* _What this task involves_
Only the lines below from the one containing "- apply (is_derive_ext (fun t => 2 * t));" to the one containing "- 2 * INR (S (S k)) * hermiteH" should be repeated, both included and unchanged.

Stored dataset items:
· · ·

(* Let $T\ge2$ and let $n\ge2T^2$ be an integer. Then for every $|x|\le T$, $$\int_{|y|\ge 2T}k_n(x,y)^2\,dy\le\frac{2}{\pi^2T}+\frac{12T^2}{\sqrt{2n+1}}\ln(2n+1).$$
   Context: For an integer $n\ge0$, $H_n(x)=(-1)^n e^{x^2}\frac{d^n}{dx^n}e^{-x^2}$ is the $n$-th Hermite polynomial and $h_n(x)=\frac{1}{\pi^{1/4}\sqrt{2^n n!}}H_n(x)e^{-x^2/2}$ is the $n$-th Hermite function; $(h_n)_{n\ge0}$ is an orthonormal basis of $L^2(\mathbb R)$. The kernel $k_n(x,y)=\sum_{k=0}^n h_k(x)h_k(y)$ is the kernel of the orthogonal projection of $L^2(\mathbb R)$ onto $\mathrm{span}(h_0,\dots,h_n)$. *)

From Stdlib Require Import Reals Lra Factorial.
Open Scope R_scope.

(* Physicists' Hermite polynomials H_n, via the standard three-term
   recurrence H_0 = 1, H_1 = 2x, H_{n+2} = 2x H_{n+1} - 2(n+1) H_n,
   which is equivalent to the Rodrigues formula
   H_n(x) = (-1)^n e^{x^2} d^n/dx^n e^{-x^2}. *)
Fixpoint hermite_pair (n : nat) (x : R) : R * R :=
  match n with
  | O => (1, 2 * x)
  | S m => let (a, b) := hermite_pair m x in
           (b, 2 * x * b - 2 * INR (S m) * a)
  end.

Definition hermiteH (n : nat) (x : R) : R := fst (hermite_pair n x).

Definition hermite_fun (n : nat) (x : R) : R :=
  / (Rpower PI (1/4) * sqrt (2 ^ n * INR (Factorial.fact n))) * hermiteH n x * exp (- x ^ 2 / 2).

Definition kernel_n (n : nat) (x y : R) : R :=
  sum_f_R0 (fun k => hermite_fun k x * hermite_fun k y) n.

(* Write c = sqrt(2n+2) and E(y) = h_n(y)^2 + h_(n+1)(y)^2.  By Christoffel-Darboux and
   Cauchy-Schwarz, k_n(x,y)^2 <= c^2/4 E(x) E(y) / (y-x)^2, so everything reduces to bounds on E.
   The quantity (c-y) (c E(y) - 2y h_n(y) h_(n+1)(y)) does not increase on [0,c], whence
   E(y) (c-|y|)^2 <= c^2 E(0); and c E(0) is explicit since h_(2j)(0)^2 ~ 1/(pi sqrt j).
   Away from the centre we only use int h_k^2 <= sqrt(pi) on every interval, obtained by
   comparing h_k^2 with h_0^2 <= 1/(sqrt(pi)(1+y^2)) instead of computing the Gaussian integral.
   Integrating E(y)/(y-x)^2 over [2T,c/2] with the first bound and over [c/2,M] with the second
   gives 2/(pi^2 T) + O(T^2/c) when c >= 8T; for c <= 8T the second bound on all of [2T,M]
   suffices. *)

From Stdlib Require Import Reals Lra Lia Psatz Factorial.
From Coquelicot Require Import Coquelicot.
Open Scope R_scope.

Lemma hermiteH_0 (x : R) : hermiteH 0 x = 1.
Proof. reflexivity. Qed.

Lemma hermiteH_1 (x : R) : hermiteH 1 x = 2 * x.
Proof. reflexivity. Qed.

Lemma hermiteH_SS (k : nat) (x : R) :
  hermiteH (S (S k)) x = 2 * x * hermiteH (S k) x - 2 * INR (S k) * hermiteH k x.
Proof. unfold hermiteH; cbn [hermite_pair]; now destruct (hermite_pair k x). Qed.

Lemma nat_ind2 (P : nat -> Prop) :
  P 0%nat -> P 1%nat -> (forall k, P k -> P (S k) -> P (S (S k))) -> forall k, P k.
Proof.
  intros P0 P1 PS k.
  enough (P k /\ P (S k)) by tauto.
  induction k as [|k [IH1 IH2]]; auto.
Qed.

Lemma hermiteH_opp (k : nat) (x : R) : hermiteH k (- x) = (-1) ^ k * hermiteH k x.
Proof.
  induction k as [| |k IH1 IH2] using nat_ind2.
  - rewrite !hermiteH_0; ring.
  - rewrite !hermiteH_1; ring.
  - rewrite !hermiteH_SS, IH1, IH2; simpl; ring.
Qed.

Lemma is_derive_hermiteH (k : nat) (x : R) :
  is_derive (hermiteH (S k)) x (2 * INR (S k) * hermiteH k x).
Proof.
  revert x; induction k as [| |k IH1 IH2] using nat_ind2; intro x.
  - apply (is_derive_ext (fun t => 2 * t)); [intro; now rewrite hermiteH_1|].
    rewrite hermiteH_0. auto_derive; auto. simpl; ring.
  - apply (is_derive_ext (fun t => 2 * t * (2 * t) - 2 * INR 1 * 1));
      [intro; now rewrite hermiteH_SS, hermiteH_1, hermiteH_0|].
    rewrite hermiteH_1. auto_derive; auto. simpl; ring.
  - apply (is_derive_ext (fun t => 2 * t * hermiteH (S (S k)) t
                                    - 2 * INR (S (S k)) * hermiteH (S k) t));
      [intro; now rewrite (hermiteH_SS (S k))|].
    replace (2 * INR (S (S (S k))) * hermiteH (S (S k)) x)
      with ((2 * hermiteH (S (S k)) x + 2 * x * (2 * INR (S (S k)) * hermiteH (S k) x))
            - 2 * INR (S (S k)) * (2 * INR (S k) * hermiteH k x))
      by (rewrite (hermiteH_SS k x), !S_INR; ring).
    apply (is_derive_minus (fun t => 2 * t * hermiteH (S (S k)) t)).
    + apply (is_derive_mult (fun t => 2 * t)); [|apply IH2|apply Rmult_comm].
      apply (is_derive_ext (fun t => 2 * t)); [reflexivity|]. auto_derive; auto; ring.
    + apply (is_derive_scal (hermiteH (S k))), IH1.
Qed.

Lemma hermiteH_turning (k : nat) (M : R) :
  0 < M -> 2 * INR k <= M ^ 2 -> 0 < hermiteH k M /\ M * hermiteH k M <= hermiteH (S k) M.
Proof.
  intro HM; induction k as [|k IH]; intro Hk.
  - rewrite hermiteH_0, hermiteH_1; lra.
  - rewrite S_INR in Hk.
    destruct (IH ltac:(pose proof (pos_INR k); lra)) as [Hpos Hmon].
    assert (0 < hermiteH (S k) M) by nra.
    split; [assumption|]. rewrite hermiteH_SS, S_INR. nra.
Qed.

Lemma hermiteH_pos (m : nat) (M : R) : 0 < M -> 2 * INR m <= M ^ 2 + 2 -> 0 < hermiteH m M.
Proof.
  intros HM Hm. destruct m as [|j]; [rewrite hermiteH_0; lra|].
  rewrite S_INR in Hm.
  destruct (hermiteH_turning j M HM ltac:(lra)). nra.
Qed.

Definition sqrt2k (k : nat) : R := sqrt (2 * INR k).

Definition hermite_norm (k : nat) : R :=
  / (Rpower PI (1/4) * sqrt (2 ^ k * INR (fact k))).

Definition gauss (x : R) : R := exp (- x ^ 2 / 2).

Lemma hermite_funE (k : nat) (x : R) : hermite_fun k x = hermite_norm k * hermiteH k x * gauss x.
Proof. reflexivity. Qed.

Lemma sqrt2k_S_pos (k : nat) : 0 < sqrt2k (S k).
Proof. apply sqrt_lt_R0. rewrite S_INR. pose proof (pos_INR k). lra. Qed.

Lemma sqrt2k_sq (k : nat) : sqrt2k k ^ 2 = 2 * INR k.
Proof. unfold sqrt2k. rewrite pow2_sqrt; [auto|]. pose proof (pos_INR k). lra. Qed.

Lemma hermite_norm_pos (k : nat) : 0 < hermite_norm k.
Proof.
  apply Rinv_0_lt_compat, Rmult_lt_0_compat; [apply exp_pos|].
  apply sqrt_lt_R0, Rmult_lt_0_compat; [apply pow_lt; lra|apply lt_0_INR, lt_O_fact].
Qed.

Lemma hermite_norm_S (k : nat) : hermite_norm k = sqrt2k (S k) * hermite_norm (S k).
Proof.
  unfold hermite_norm, sqrt2k.
  assert (Hf : 0 < 2 ^ k * INR (fact k))
    by (apply Rmult_lt_0_compat; [apply pow_lt; lra|apply lt_0_INR, lt_O_fact]).
  replace (2 ^ S k * INR (fact (S k))) with (2 * INR (S k) * (2 ^ k * INR (fact k)))
    by (rewrite fact_simpl, mult_INR; simpl; ring).
  pose proof (sqrt2k_S_pos k) as Hs; unfold sqrt2k in Hs.
  rewrite (sqrt_mult (2 * INR (S k))); [|rewrite S_INR; pose proof (pos_INR k); lra|lra].
  pose proof (exp_pos (1 / 4 * ln PI)); pose proof (sqrt_lt_R0 _ Hf).
  unfold Rpower. field. repeat split; lra.
Qed.

Lemma hermite_norm0_sq : hermite_norm 0 ^ 2 = / sqrt PI.
Proof.
  unfold hermite_norm; simpl; rewrite Rmult_1_r, sqrt_1, Rmult_1_r.
  assert (E : Rpower PI (1/4) ^ 2 = sqrt PI).
  { rewrite <- Rpower_pow, Rpower_mult, <- Rpower_sqrt by (apply exp_pos || apply PI_RGT_0).
    f_equal. simpl. field. }
  rewrite <- E. pose proof (exp_pos (1/4 * ln PI)). unfold Rpower in *. field. lra.
Qed.

Lemma hermite_fun_1 (x : R) : sqrt2k 1 * hermite_fun 1 x = 2 * x * hermite_fun 0 x.
Proof. rewrite !hermite_funE, (hermite_norm_S 0), hermiteH_0, hermiteH_1. ring. Qed.

Lemma hermite_fun_SS (k : nat) (x : R) :
  sqrt2k (S (S k)) * hermite_fun (S (S k)) x
  = 2 * x * hermite_fun (S k) x - sqrt2k (S k) * hermite_fun k x.
Proof.
  rewrite !hermite_funE, hermiteH_SS, (hermite_norm_S k), (hermite_norm_S (S k)).
  rewrite <- (sqrt2k_sq (S k)). ring.
Qed.

Lemma is_derive_gauss (x : R) : is_derive gauss x (- x * gauss x).
Proof.
  unfold gauss. auto_derive; [auto|].
  replace (- x ^ 2 / 2) with (- (x * (x * 1)) * / 2) by (simpl; field). field.
Qed.

Lemma is_derive_hermite_fun (k : nat) (x : R) :
  is_derive (hermite_fun k) x (x * hermite_fun k x - sqrt2k (S k) * hermite_fun (S k) x).
Proof.
  apply (is_derive_ext (fun t => hermite_norm k * (hermiteH k t * gauss t))).
  { intro t; rewrite hermite_funE; symmetry; apply Rmult_assoc. }
  destruct k as [|k].
  - replace (x * hermite_fun 0 x - sqrt2k 1 * hermite_fun 1 x)
      with (hermite_norm 0 * (- x * gauss x))
      by (rewrite hermite_fun_1, hermite_funE, hermiteH_0; ring).
    apply (is_derive_ext (fun t => hermite_norm 0 * gauss t)).
    { intro t; rewrite hermiteH_0, Rmult_1_l; reflexivity. }
    apply is_derive_scal, is_derive_gauss.
  - replace (x * hermite_fun (S k) x - sqrt2k (S (S k)) * hermite_fun (S (S k)) x)
      with (hermite_norm (S k) * (2 * INR (S k) * hermiteH k x * gauss x
                                  + hermiteH (S k) x * (- x * gauss x)))
      by (rewrite hermite_fun_SS, !hermite_funE, (hermite_norm_S k), <- (sqrt2k_sq (S k)); ring).
    apply is_derive_scal, (@is_derive_mult R_AbsRing);
      [apply is_derive_hermiteH|apply is_derive_gauss|apply Rmult_comm].
Qed.

Lemma is_derive_hermite_fun_S (k : nat) (x : R) :
  is_derive (hermite_fun (S k)) x (sqrt2k (S k) * hermite_fun k x - x * hermite_fun (S k) x).
Proof.
  replace (sqrt2k (S k) * hermite_fun k x - x * hermite_fun (S k) x)
    with (x * hermite_fun (S k) x - sqrt2k (S (S k)) * hermite_fun (S (S k)) x)
    by (rewrite hermite_fun_SS; ring).
  apply is_derive_hermite_fun.
Qed.

Lemma hermite_fun_opp (k : nat) (x : R) : hermite_fun k (- x) = (-1) ^ k * hermite_fun k x.
Proof.
  rewrite !hermite_funE, hermiteH_opp. unfold gauss.
  replace ((- x) ^ 2) with (x ^ 2) by ring. ring.
Qed.

Lemma hermite_fun_sq_opp (k : nat) (x : R) : hermite_fun k (- x) ^ 2 = hermite_fun k x ^ 2.
Proof. rewrite hermite_fun_opp, Rpow_mult_distr, <- pow_mult, Nat.mul_comm, pow_1_even; ring. Qed.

· · ·

* _Finished exercise_
  - apply (is_derive_ext (fun t => 2 * t)); [intro; now rewrite hermiteH_1|].
    rewrite hermiteH_0. auto_derive; auto. simpl; ring.
  - apply (is_derive_ext (fun t => 2 * t * (2 * t) - 2 * INR 1 * 1));
      [intro; now rewrite hermiteH_SS, hermiteH_1, hermiteH_0|].
    rewrite hermiteH_1. auto_derive; auto. simpl; ring.
  - apply (is_derive_ext (fun t => 2 * t * hermiteH (S (S k)) t
                                    - 2 * INR (S (S k)) * hermiteH (S k) t));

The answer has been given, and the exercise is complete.